EATON Every Year, we wait for their arrival. We binge for six weeks, and then it’s over – back to less festive fare. But how exactly did these festive foods arrive in our holiday spreads? Here are the origins behind a few of our favorite holiday foods.
The first-known recipe of the sweet treat is said to be from Greece in 2400 BCE. The formula was developed and remixed through several cultures and eventually made its way to England, where Queen Elizabeth I was credited with the idea of decorating the cookies. Eventually, gingerbread was consumed year-round, and the shapes changed with the seasons. The designs got so elaborate that they became a symbol of elegance, which is, perhaps, why we save them for a special time like the holidays.

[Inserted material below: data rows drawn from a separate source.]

Lemma ea_hom0 (C D : EffectAlgebra) (f : C -> D) : ea_hom f -> f ezero = ezero.
Proof. by move=> f_hom; apply: (@esum_cancel0 _ (f ezero)); apply: f_hom.2; apply: esumr0. Qed.

Definition weighted_obs (C : EffectAlgebra) (T : finType) (w : T -> C) (X : {set T}) : C :=
  odflt ezero (\esum_(t in X) w t).

Section WeightedObservable.
Variables (C : EffectAlgebra) (T : finType) (w : T -> C).
Hypothesis w_total : \esum_(t : T) w t = Some eone.

Lemma weighted_obsE (X : {set T}) : \esum_(t in X) w t = Some (weighted_obs w X).
Proof.
have : \esum_(t in [set: T]) w t = Some eone.
  by rewrite -w_total; apply: eq_bigl => t; rewrite inE.
by rewrite /weighted_obs (big_setID X) setTI => /oesum_Some [a [b [-> _ _]]].
Qed.

Lemma weighted_obs_hom : set_ea_hom (weighted_obs w).
Proof.
split.
  by rewrite /weighted_obs (eq_bigl xpredT) ?w_total // => t; rewrite inE.
move=> X Y XY0.
have XYdisj : [disjoint X & Y] by rewrite -setI_eq0 XY0.
have := weighted_obsE (X :|: Y).
rewrite (eq_bigl [predU X & Y]) => [|t]; last by rewrite !inE.
by rewrite bigU // !weighted_obsE.
Qed.

End WeightedObservable.

Section Bimorphism.
Variables (A B C : EffectAlgebra) (h : A -> B -> C).
Hypothesis h_bim : is_bimorphism h.

Lemma bimorphism0l b : h ezero b = ezero.
Proof. by apply: (@esum_cancel0 _ (h ezero b)); apply: h_bim.2.1; apply: esumr0. Qed.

Fruitcakes are just cakes with candied or dried fruit, nuts, and spices. The modern version of this dish was likely whipped up in the Middle Ages, when dried fruits and nuts were really expensive. Because of the price of ingredients and the time and effort that went into making the dessert, it’s assumed December festivities were felt to be the time most worthy of the hassle.
They didn’t always have their stripes! According to legend, the original candy cane, made some 350 years ago, was an all-white sugar stick that was completely straight. In 1670, a choirmaster at a German cathedral bent the sticks to represent a shepherd’s staff. The canes were given out to children during a nativity scene. The candy arrived in America sometime during the 19th century, and around that time the refining process for sugar had gotten to the point where it could be pure white, and the development of better food dyes could create that strong red for the stripe.

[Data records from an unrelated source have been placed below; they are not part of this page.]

Lemma dcycle_chord_span c x0 j i : cycle D c -> uniq c -> j < i < size c ->
  (D (nth x0 c j) (nth x0 c i) -> i < j + k) /\
  (D (nth x0 c i) (nth x0 c j) -> size c + j < i + k).
Proof.
move=> cc uc lt_jic; have k_gt1 : 1 < k by lia.
move: (split_nth2 x0 lt_jic) cc uc.
set s1 := take j c; set s2 := take _ _; set s3 := drop i.+1 c.
set cj := nth x0 c j; set ci := nth x0 c i => Ec cc uc.
have [sz1 sz2 sz3] : [/\ size s1 = j, size s2 = i - j.+1 & size s3 = size c - i.+1].
  by rewrite size_takel ?size_takel ?size_drop //; lia.
have E1 : rot (size s1) c = cj :: s2 ++ ci :: (s3 ++ s1).
  by rewrite {1}Ec rot_size_cat /= -catA.
have E2 : rot (size (s1 ++ cj :: s2)) c = ci :: (s3 ++ s1) ++ cj :: s2.
  by rewrite {1}Ec -cat_cons catA rot_size_cat /= catA.
split=> arc.
- have := @dcycle_chord_short _ D k k_gt1 noB cj ci s2 (s3 ++ s1).
  by rewrite -E1 rot_cycle rot_uniq => /(_ cc uc arc); lia.
- have := @dcycle_chord_short _ D k k_gt1 noB ci cj (s3 ++ s1) s2.
  by rewrite -E2 rot_cycle rot_uniq size_cat => /(_ cc uc arc); lia.
Qed.

(* If every chord v_t -> v_(t+2) is present, the odd-indexed and the
   even-indexed vertices give two long internally disjoint paths from v_0 to
   v_(l-1), closed by the arc v_(l-1) -> v_0. *)
Lemma two_chords_subdiv_B c x0 : cycle D c -> uniq c -> 2 * k - 1 <= size c ->
  (forall t, t.+2 < size c -> D (nth x0 c t) (nth x0 c t.+2)) ->
  has_subdiv_B D k 1 1.
Proof.
move=> cc uc hl chord2; set l := size c in hl chord2.
pose v i := nth x0 c i.
have short_arc a b : a < b <= a.+2 -> b <= l.-1 -> D (v a) (v b).
  move=> hab hb; have [eb|ne] := eqVneq b a.+2; first by rewrite eb; apply: chord2; lia.
  have -> : b = a.+1 by lia.
  by apply: cycle_nth_arc => //; lia.
have path_v m n : 0 < n -> 0 < m <= 2 -> l.-1 <= m + 2 * n <= l ->
    path D (v 0) (rcons (map v (iota2 m n)) (v l.-1)).
  move=> n_gt0 hm hmn; rewrite -map_rcons path_map.
  by apply: path_iota2 => //; lia.
have uniq_v s : uniq s -> all (gtn l) s -> uniq (map v s).
  move=> us /allP sl; rewrite map_inj_in_uniq // => a b /sl la /sl lb.
  by move/eqP; rewrite nth_uniq // => /eqP.
set n1 := (l - 1) %/ 2; set n2 := (l - 2) %/ 2.
apply: (@subdiv_B_of_paths _ D k _ (v 0) (v l.-1)
          (map v (iota2 1 n1)) (map v (iota2 2 n2)) [::]); first by lia.
- by apply: path_v; lia.
- by apply: path_v; lia.
- by rewrite /= andbT; apply: cycle_last_arc => //; lia.
- rewrite cats0 -map_cat -!map_cons; apply: uniq_v; last first.
    by apply/allP=> z; rewrite !inE mem_cat !mem_iota2; lia.
  rewrite /= cat_uniq !inE !mem_cat !mem_iota2 !iota2_uniq /= andbT.
  apply/and3P; split; try lia.
  by apply/hasPn => z; rewrite !mem_iota2 => /andP[_ /eqP ->]; rewrite andbF.
- by rewrite size_map size_iota2; lia.
Qed.

(* The rotation makes [v_(l-1) -> v_1] a non-arc: then, in the greedy
   colouring along the cycle, the last vertex also sees at most 2k-3
   coloured neighbours. *)
Lemma dcycle_good_rotation c x0 : cycle D c -> uniq c -> 2 * k - 2 <= size c ->
  exists c', [/\ cycle D c', uniq c', c' =i c, size c' = size c &
    size c = 2 * k - 2 \/ ~~ D (nth x0 c' (size c).-1) (nth x0 c' 1)].
Proof.
move=> cc uc hl; set l := size c in hl *.
have [el|nel] := eqVneq l (2 * k - 2); first by exists c; split => //; left.
have [/hasP[t]|/hasPn no_gap] :=
  boolP (has (fun t => ~~ D (nth x0 c t) (nth x0 c t.+2)) (iota 0 (l - 2))).
  rewrite mem_iota => /andP[_ ht] gap.
  exists (rot t.+1 c); rewrite rot_cycle rot_uniq size_rot; split => //.
    exact: mem_rot.
  have e1 : (t.+1 + l.-1) %% l = t.
    by rewrite (_ : t.+1 + l.-1 = t + l) ?modnDr ?modn_small //; lia.
  have e2 : (t.+1 + 1) %% l = t.+2 by rewrite modn_small //; lia.
  by right; rewrite !nth_rot -/l ?e1 ?e2 //; lia.
exfalso; apply/noB/(two_chords_subdiv_B (x0 := x0) cc uc); first by lia.
by move=> t ht; have := no_gap t; rewrite mem_iota negbK; apply; lia.
Qed.

Lemma dcycle_earlier_neighbours c x0 i : cycle D c -> uniq c ->
  2 * k - 2 <= size c ->
  size c = 2 * k - 2 \/ ~~ D (nth x0 c (size c).-1) (nth x0 c 1) -> i < size c ->
  size [seq j <- iota 0 i | D (nth x0 c i) (nth x0 c j) || D (nth x0 c j) (nth x0 c i)]
    < 2 * k - 2.
Proof.
move=> cc uc hl good hi; set l := size c in hl good hi.
(* An earlier neighbour j of i lies less than k positions before i (chord
   j -> i) or, around the cycle, less than k positions after i (chord
   i -> j); L lists these positions, without 1 when i is the last vertex. *)
pose L := if i < l.-1 then iota (i - (k - 1)) (k - 1) ++ iota 0 (k - 2)
          else if l == 2 * k - 2 then iota 0 (2 * k - 3)
          else iota (l - k) (k - 1) ++ 0 :: iota 2 (k - 3).
have sizeL : size L = 2 * k - 3.
  by rewrite /L; case: ifP => _; [|case: ifP => _]; rewrite ?size_cat /= !size_iota; lia.
suff: size [seq j <- iota 0 i | D (nth x0 c i) (nth x0 c j) || D (nth x0 c j) (nth x0 c i)]
        <= size L by rewrite sizeL; lia.
apply: uniq_leq_size; first by rewrite filter_uniq // iota_uniq.
move=> j; rewrite mem_filter mem_iota add0n => /andP[arc /andP[_ lt_ji]].
have [fwd bwd] := dcycle_chord_span x0 cc uc (introT andP (conj lt_ji hi)).
have span : i < j + k \/ l + j < i + k.
  by case/orP: arc => a; [right; apply: bwd | left; apply: fwd].
rewrite /L; case: ifP => [lt_il|ge_il]; first by rewrite mem_cat !mem_iota; lia.
case: ifP => [el|nel]; first by rewrite mem_iota; lia.
rewrite mem_cat inE !mem_iota.
have [ej1|nj1] := eqVneq j 1; last by lia.
have ei : i = l.-1 by lia.
case/orP: arc => arc; last by have := fwd arc; lia.
by case: good => [el|ngap]; [rewrite el eqxx in nel | move: ngap; rewrite -ej1 -ei arc].
Qed.

Lemma dcycle_colorable c : irreflexive D -> cycle D c -> uniq c ->
  2 * k - 2 <= size c -> induced_colorable D [set x in c] (2 * k - 2).
Proof.
case: c => [|x0 s] irrD cc uc hl; first by move: hl k_gt2; clear; rewrite /=; lia.
set c := x0 :: s in cc uc hl *.
have [c' [cc' uc' mem_c' size_c' good]] := dcycle_good_rotation x0 cc uc hl.
rewrite -size_c' in hl good.
pose adj i j := D (nth x0 c' i) (nth x0 c' j).
have [g Hg] : exists g : nat -> 'I_(2 * k - 2), forall i j, i < size c' -> j < size c' ->
    i != j -> adj i j -> g i != g j.
  by apply: greedy_coloring => [|i]; [lia | exact: dcycle_earlier_neighbours].
exists (fun x => g (index x c')) => x y; rewrite !in_set -!mem_c' => xc yc dxy.
apply: Hg; rewrite ?index_mem //; last by rewrite /adj !nth_index.
apply: contraTneq dxy => /(congr1 (nth x0 c')); rewrite !nth_index // => ->.
by rewrite irrD.
Qed.

End CycleColoring.

Section InducedConnect.
Variables (T : finType) (D : rel T).

Definition induced_rel (A : {set T}) : rel T := fun a b => [&& D a b, a \in A & b \in A].

Definition strongly_connected_in (A : {set T}) : Prop :=
  {in A &, forall y z, connect (induced_rel A) y z}.

Lemma path_induced_rel (A : {set T}) x p : x \in A -> all [in A] p ->
  path D x p -> path (induced_rel A) x p.
Proof.
elim: p x => //= y p IH x xA /andP[yA pA] /andP[dxy hp].
by rewrite /induced_rel dxy xA yA IH.
Qed.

Eggnog has a festive history as a staple for the British aristocracy. It’s based on a medieval drink called posset, which consisted of milk, often eggs, and some form of alcohol like sherry or Madeira. Since all the ingredients were expensive at the time, it became a drink of the wealthy. In the winter, the wealthy would drink warm milk and egg drinks with exclusive spices and liquors. Eventually, people in the American colonies were able to harvest the ingredients from their own farms and the drink caught on again. In fact, the drink you sip around the holidays today is uniquely American thanks to the rum—a critical component of American ‘nog which never really caught on with the British upper classes.

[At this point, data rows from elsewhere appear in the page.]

(* Let $(C,\mathbf A)$ be an $\mathbf a$-output-stable pair ($C\in\mathcal L(\mathcal X,\mathcal Y)$, $\mathbf A\in\mathcal L(\mathcal X)^d$) and let $\mathcal G^{\mathbf a}_{C,\mathbf A}$ be its abelianized observability gramian. Then $$\mathcal G^{\mathbf a}_{C,\mathbf A}-A_1^*\mathcal G^{\mathbf a}_{C,\mathbf A}A_1-\cdots-A_d^*\mathcal G^{\mathbf a}_{C,\mathbf A}A_d\le C^*C.$$ Moreover, the following are equivalent: (1) equality holds in this inequality; (2) $\mathbf A$ is $C$-abelian, i.e. $C\mathbf A^v=C\mathbf A^u$ whenever $u,v\in\mathcal F_d$ with $\mathbf a(v)=\mathbf a(u)$; (3) $\mathcal G^{\mathbf a}_{C,\mathbf A}=\mathcal G_{C,\mathbf A}$.
   Context: $\mathcal F_d$: free semigroup of words on $\{1,\dots,d\}$; for $v=i_N\cdots i_1$, $\mathbf A^v=A_{i_N}\cdots A_{i_1}$. The abelianization map $\mathbf a\colon\mathcal F_d\to\mathbb Z^d_+$ sends $i_N\cdots i_1$ to $(n_1,\dots,n_d)$ with $n_k=\#\{\ell:i_\ell=k\}$. For $\mathbf n\in\mathbb Z^d_+$: $|\mathbf n|=n_1+\cdots+n_d$, $\mathbf n!=n_1!\cdots n_d!$, $\boldsymbol\lambda^{\mathbf n}=\lambda_1^{n_1}\cdots\lambda_d^{n_d}$. The Arveson space $\mathcal H_{\mathcal Y}(k_d)$ consists of power series $f(\boldsymbol\lambda)=\sum_{\mathbf n}f_{\mathbf n}\boldsymbol\lambda^{\mathbf n}$ ($f_{\mathbf n}\in\mathcal Y$) with $\|f\|^2=\sum_{\mathbf n}\frac{\mathbf n!}{|\mathbf n|!}\|f_{\mathbf n}\|^2<\infty$ (reproducing kernel $1/(1-\langle\boldsymbol\lambda,\boldsymbol\zeta\rangle)$ on the unit ball of $\mathbb C^d$). $(C,\mathbf A)$ is $\mathbf a$-output-stable if $\widehat{\mathcal O}^{\mathbf a}_{C,\mathbf A}\colon x\mapsto\sum_{\mathbf n}\big(\sum_{v\in\mathbf a^{-1}(\mathbf n)}C\mathbf A^vx\big)\boldsymbol\lambda^{\mathbf n}$ (formally $C(I-\lambda_1A_1-\cdots-\lambda_dA_d)^{-1}x$) maps $\mathcal X$ boundedly into $\mathcal H_{\mathcal Y}(k_d)$; then $\mathcal G^{\mathbf a}_{C,\mathbf A}=(\widehat{\mathcal O}^{\mathbf a}_{C,\mathbf A})^*\widehat{\mathcal O}^{\mathbf a}_{C,\mathbf A}=\sum_{\mathbf n}\frac{\mathbf n!}{|\mathbf n|!}\sum_{u,v\in\mathbf a^{-1}(\mathbf n)}(\mathbf A^v)^*C^*C\mathbf A^u$. The (noncommutative) observability gramian is $\mathcal G_{C,\mathbf A}=\sum_{v\in\mathcal F_d}(\mathbf A^v)^*C^*C\mathbf A^v$ (strong operator sum). *)

From HB Require Import structures.
From mathcomp Require Import all_boot all_order all_algebra.
From mathcomp Require Import reals.
From mathcomp.real_closed Require Import complex.
Set Implicit Arguments. Unset Strict Implicit. Unset Printing Implicit Defensive.
Import Order.TTheory GRing.Theory Num.Theory.
Local Open Scope ring_scope.

Section Defs.
Variable R : realType.
Local Notation K := (R[i]).

Definition is_hilbert (X : lmodType K) (ip : X -> X -> K) : Prop :=
  [/\ (forall (a : K) (x y z : X), ip (a *: x + y) z = a * ip x z + ip y z),
      (forall x y : X, ip x y = (ip y x)^*),
      (forall x : X, 0 <= ip x x),
      (forall x : X, ip x x = 0 -> x = 0) &
      (forall u : nat -> X,
         (forall e : K, 0 < e -> exists N, forall m n, (N <= m)%N -> (N <= n)%N ->
             ip (u m - u n) (u m - u n) < e) ->
         exists l : X, forall e : K, 0 < e -> exists N, forall n, (N <= n)%N ->
             ip (u n - l) (u n - l) < e)].

Definition bounded_linear (X Y : lmodType K) (ipX : X -> X -> K)
  (ipY : Y -> Y -> K) (f : X -> Y) : Prop :=
  (forall (a : K) (x y : X), f (a *: x + y) = a *: f x + f y) /\
  (exists M : K, forall x, ipY (f x) (f x) <= M * ipX x x).

Definition is_adjoint (X Y : lmodType K) (ipX : X -> X -> K)
  (ipY : Y -> Y -> K) (f : X -> Y) (g : Y -> X) : Prop :=
  forall x y, ipY (f x) y = ipX x (g y).

Definition vconverges (X : lmodType K) (ipX : X -> X -> K) (u : nat -> X) (l : X) :=
  forall e : K, 0 < e -> exists N, forall n, (N <= n)%N -> ipX (u n - l) (u n - l) < e.

Definition sconverges (s : nat -> K) (l : K) :=
  forall e : K, 0 < e -> exists N, forall n, (N <= n)%N -> `|s n - l| < e.

Variable d : nat.

(* words of F_d are sequences [:: i_N; ...; i_1];  A^v = A_{i_N} ... A_{i_1} *)
Definition wact (X : Type) (A : 'I_d -> X -> X) (v : seq 'I_d) (x : X) : X :=
  foldr (fun i y => A i y) x v.

(* (A^v)^* = A_{i_1}^* ... A_{i_N}^*, given the adjoints As i = (A i)^* *)
Definition wadj (X : Type) (As : 'I_d -> X -> X) (v : seq 'I_d) (x : X) : X :=
  foldl (fun y i => As i y) x v.

Definition abel (v : seq 'I_d) : {ffun 'I_d -> nat} := [ffun j => count_mem j v].

Definition mlen (n : {ffun 'I_d -> nat}) : nat := (\sum_(i < d) n i)%N.
Definition mfact (n : {ffun 'I_d -> nat}) : nat := (\prod_(i < d) (n i)`!)%N.

(* coefficient of lambda^n in  C (I - lambda_1 A_1 - ... - lambda_d A_d)^{-1} x *)
Definition ocoef (X Y : lmodType K) (C : X -> Y) (A : 'I_d -> X -> X)
  (n : {ffun 'I_d -> nat}) (x : X) : Y :=
  \sum_(t : (mlen n).-tuple 'I_d | abel t == n) C (wact A t x).

Definition mweight (n : {ffun 'I_d -> nat}) : K :=
  (mfact n)%:R / ((mlen n)`!)%:R.

(* homogeneous degree-k part of the Arveson-space inner product
   < O^a x, O^a y >_{H_Y(k_d)} *)
Definition oblock (X Y : lmodType K) (ipY : Y -> Y -> K) (C : X -> Y)
  (A : 'I_d -> X -> X) (k : nat) (x y : X) : K :=
  \sum_(m : {ffun 'I_d -> 'I_k.+1} | (\sum_(i < d) (m i : nat))%N == k)
     let n := [ffun i => (m i : nat)] in
     mweight n * ipY (ocoef C A n x) (ocoef C A n y).

Definition opartial (X Y : lmodType K) (ipY : Y -> Y -> K) (C : X -> Y)
  (A : 'I_d -> X -> X) (N : nat) (x y : X) : K :=
  \sum_(k < N.+1) oblock ipY C A k x y.

(* (C, A) is a-output-stable: O^a_{C,A} maps X boundedly into H_Y(k_d) *)
Definition a_output_stable (X Y : lmodType K) (ipX : X -> X -> K)
  (ipY : Y -> Y -> K) (C : X -> Y) (A : 'I_d -> X -> X) : Prop :=
  exists M : K, forall x N, opartial ipY C A N x x <= M * ipX x x.

(* G = (O^a)^* O^a, i.e. <G x, y>_X = <O^a x, O^a y>_{H_Y(k_d)} *)
Definition is_a_gramian (X Y : lmodType K) (ipX : X -> X -> K)
  (ipY : Y -> Y -> K) (C : X -> Y) (A : 'I_d -> X -> X) (G : X -> X) : Prop :=
  forall x y, sconverges (fun N => opartial ipY C A N x y) (ipX (G x) y).

(* partial sums  sum_{|v| <= N} (A^v)^* C^* C A^v x  of the noncommutative
   observability gramian *)
Definition ncpartial (X Y : lmodType K) (C : X -> Y) (Cs : Y -> X)
  (A As : 'I_d -> X -> X) (N : nat) (x : X) : X :=
  \sum_(k < N.+1) \sum_(t : k.-tuple 'I_d) wadj As t (Cs (C (wact A t x))).

Definition C_abelian (X Y : Type) (C : X -> Y) (A : 'I_d -> X -> X) : Prop :=
  forall u v : seq 'I_d, abel u = abel v -> forall x, C (wact A v x) = C (wact A u x).

End Defs.

From HB Require Import structures.
From mathcomp Require Import all_boot all_order all_algebra.
From mathcomp Require Import reals.
From mathcomp.real_closed Require Import complex.
From mathcomp Require Import ring.
Set Implicit Arguments. Unset Strict Implicit. Unset Printing Implicit Defensive.
Import Order.TTheory GRing.Theory Num.Theory.
Local Open Scope ring_scope.

(* For a word s write obs x s = C A^s x, and obs_mean x s for the mean of obs x
   over the words with the same abelianization as s.  The degree-k block of
   <O^a x, O^a x> is the squared norm of obs_mean x on words of length k, the
   degree-k block of the noncommutative gramian is that of obs x, and by
   Pythagoras their difference is the squared distance from obs x to obs_mean x.
   Splitting off the letter that acts first, the Stein defect
   ||C x||^2 + sum_i <G A_i x, A_i x> - <G x, x> becomes the sum of the series
   of squared norms ||obs_mean (A_i x) s - obs_mean x (s i)||^2.  This gives the
   inequality; equality makes every term vanish, whence obs x = obs_mean x by
   induction on the length of words, which is C-abelianness.  Norm convergence of
   the noncommutative partial sums S_N to G likewise forces obs x = obs_mean x.
   Conversely, for C-abelian A both gramians have the same blocks, so G - S_N is
   the tail of a series of positive forms, and the bound G <= M from output
   stability gives ||(G - S_N) x||^2 <= M <(G - S_N) x, x> -> 0. *)

Section InnerProduct.
Variable R : realType.
Local Notation K := (R[i]).
Variables (V : lmodType K) (ip : V -> V -> K).
Hypothesis hV : is_hilbert ip.

Lemma ipZDl a x y z : ip (a *: x + y) z = a * ip x z + ip y z.
Proof. by case: hV. Qed.

Lemma ipC x y : ip x y = (ip y x)^*.
Proof. by case: hV. Qed.

Lemma ip_ge0 x : 0 <= ip x x.
Proof. by case: hV. Qed.

Lemma ip_eq0 x : ip x x = 0 -> x = 0.
Proof. by case: hV => _ _ _ + _; apply. Qed.

Lemma ipDl x y z : ip (x + y) z = ip x z + ip y z.
Proof. by have := ipZDl 1 x y z; rewrite scale1r mul1r. Qed.

Lemma ip0l z : ip 0 z = 0.
Proof. by have /esym/(canRL (addKr _)) := ipDl 0 0 z; rewrite addr0 addNr. Qed.

Lemma ipZl a x z : ip (a *: x) z = a * ip x z.
Proof. by rewrite -[a *: x]addr0 ipZDl ip0l addr0. Qed.

Lemma ipNl x z : ip (- x) z = - ip x z.
Proof. by rewrite -scaleN1r ipZl mulN1r. Qed.

Lemma ipBl x y z : ip (x - y) z = ip x z - ip y z.
Proof. by rewrite ipDl ipNl. Qed.

Lemma ip_suml I (r : seq I) (P : pred I) (F : I -> V) z :
  ip (\sum_(i <- r | P i) F i) z = \sum_(i <- r | P i) ip (F i) z.
Proof. by apply: (big_morph (ip^~ z)); [move=> x y; apply: ipDl | apply: ip0l]. Qed.

Lemma ipDr x y z : ip z (x + y) = ip z x + ip z y.
Proof. by rewrite ipC ipDl rmorphD /= -!ipC. Qed.

Lemma ipZr a x z : ip z (a *: x) = a^* * ip z x.
Proof. by rewrite ipC ipZl rmorphM /= -ipC. Qed.

Lemma ip0r z : ip z 0 = 0.
Proof. by rewrite ipC ip0l rmorph0. Qed.

Lemma ipNr x z : ip z (- x) = - ip z x.
Proof. by rewrite ipC ipNl rmorphN /= -ipC. Qed.

Lemma ipBr x y z : ip z (x - y) = ip z x - ip z y.
Proof. by rewrite ipDr ipNr. Qed.

Lemma ip_sumr I (r : seq I) (P : pred I) (F : I -> V) z :
  ip z (\sum_(i <- r | P i) F i) = \sum_(i <- r | P i) ip z (F i).
Proof. by apply: (big_morph (ip z)); [move=> x y; apply: ipDr | apply: ip0r]. Qed.

Lemma ip_inj u v : (forall y, ip u y = ip v y) -> u = v.
Proof. by move=> uv; apply/subr0_eq/ip_eq0; rewrite ipBl uv subrr. Qed.

Lemma ip_cauchy_schwarz w y : `|ip w y| ^+ 2 <= ip w w * ip y y.
Proof.
have [/ip_eq0 ->|y_neq0] := eqVneq (ip y y) 0.
  by rewrite ip0r normr0 expr0n ip0r mulr0.
have y_gt0 : 0 < ip y y by rewrite lt_def y_neq0 ip_ge0.
set a := ip y y; set t := ip w y.
have E : ip (a *: w - t *: y) (a *: w - t *: y) = a * (ip w w * a - t * t^*).
  by rewrite ipBl !ipBr !ipZl !ipZr (geC0_conj (ip_ge0 y)) -/a -/t [ip y w]ipC; ring.
by have := ip_ge0 (a *: w - t *: y); rewrite E normCK pmulr_rge0 // subr_ge0.
Qed.

End InnerProduct.

Lemma adjoint_ipl (R : realType) (X Y : lmodType R[i])
  (ipX : X -> X -> R[i]) (ipY : Y -> Y -> R[i]) (f : X -> Y) (g : Y -> X) :
  is_hilbert ipX -> is_hilbert ipY -> is_adjoint ipX ipY f g ->
  forall y x, ipX (g y) x = ipY y (f x).
Proof. by move=> hX hY fg y x; rewrite (ipC hX) -fg -(ipC hY). Qed.

Section ScalarLimits.
Variable R : realType.
Local Notation K := (R[i]).
Implicit Types (f g : nat -> K) (a b : K).

Lemma sconv_ext f g a : f =1 g -> sconverges f a -> sconverges g a.
Proof. by move=> fg fa e /fa[N HN]; exists N => n /HN; rewrite fg. Qed.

Americans have been making creamed vegetables, including green beans, since the late 19th century. When cream of mushroom soup was created, it became a common replacement for the white sauce. But the modern version of the dish was standardized by Campbell’s in 1955, simply to promote one of their soups. Smothering things was a trend at the time and the recipe got boxed to the Thanksgiving zone, with no argument from Campbell executives who estimate the company makes $20 million just off cans of cream of mushroom soup around Thanksgiving.
Many credit the French for inventing the pecan pie after they settled in New Orleans in 1718 and noticed the abundance of pecan trees. But the first recipes actually appeared in the late 19th century, and were often referred to as “Texas pecan pie.” These were standard custards topped with pecans, not the dark rich filling we associate with the dish today. That was created by the Karo Syrup Company in the 1930s when a sales executive’s wife allegedly came up with a “new” way of using corn syrup.
At the turn of the 20th century, marshmallows were handmade and overpriced. Using the gooey item in cooking was very trendy, but a 1917 recipe booklet by Angelus Marshmallow Company really made the idea of using them in candied sweet potatoes stick.
Pumpkin dates back 9000 years to Mexico and was cultivated by the Native Americans for centuries. Before modern food preservation methods, pumpkin was roasted or boiled and often mixed with pie-like ingredients: honey and spices. It’s suspected that the Pilgrims made a similar dish but without the crust.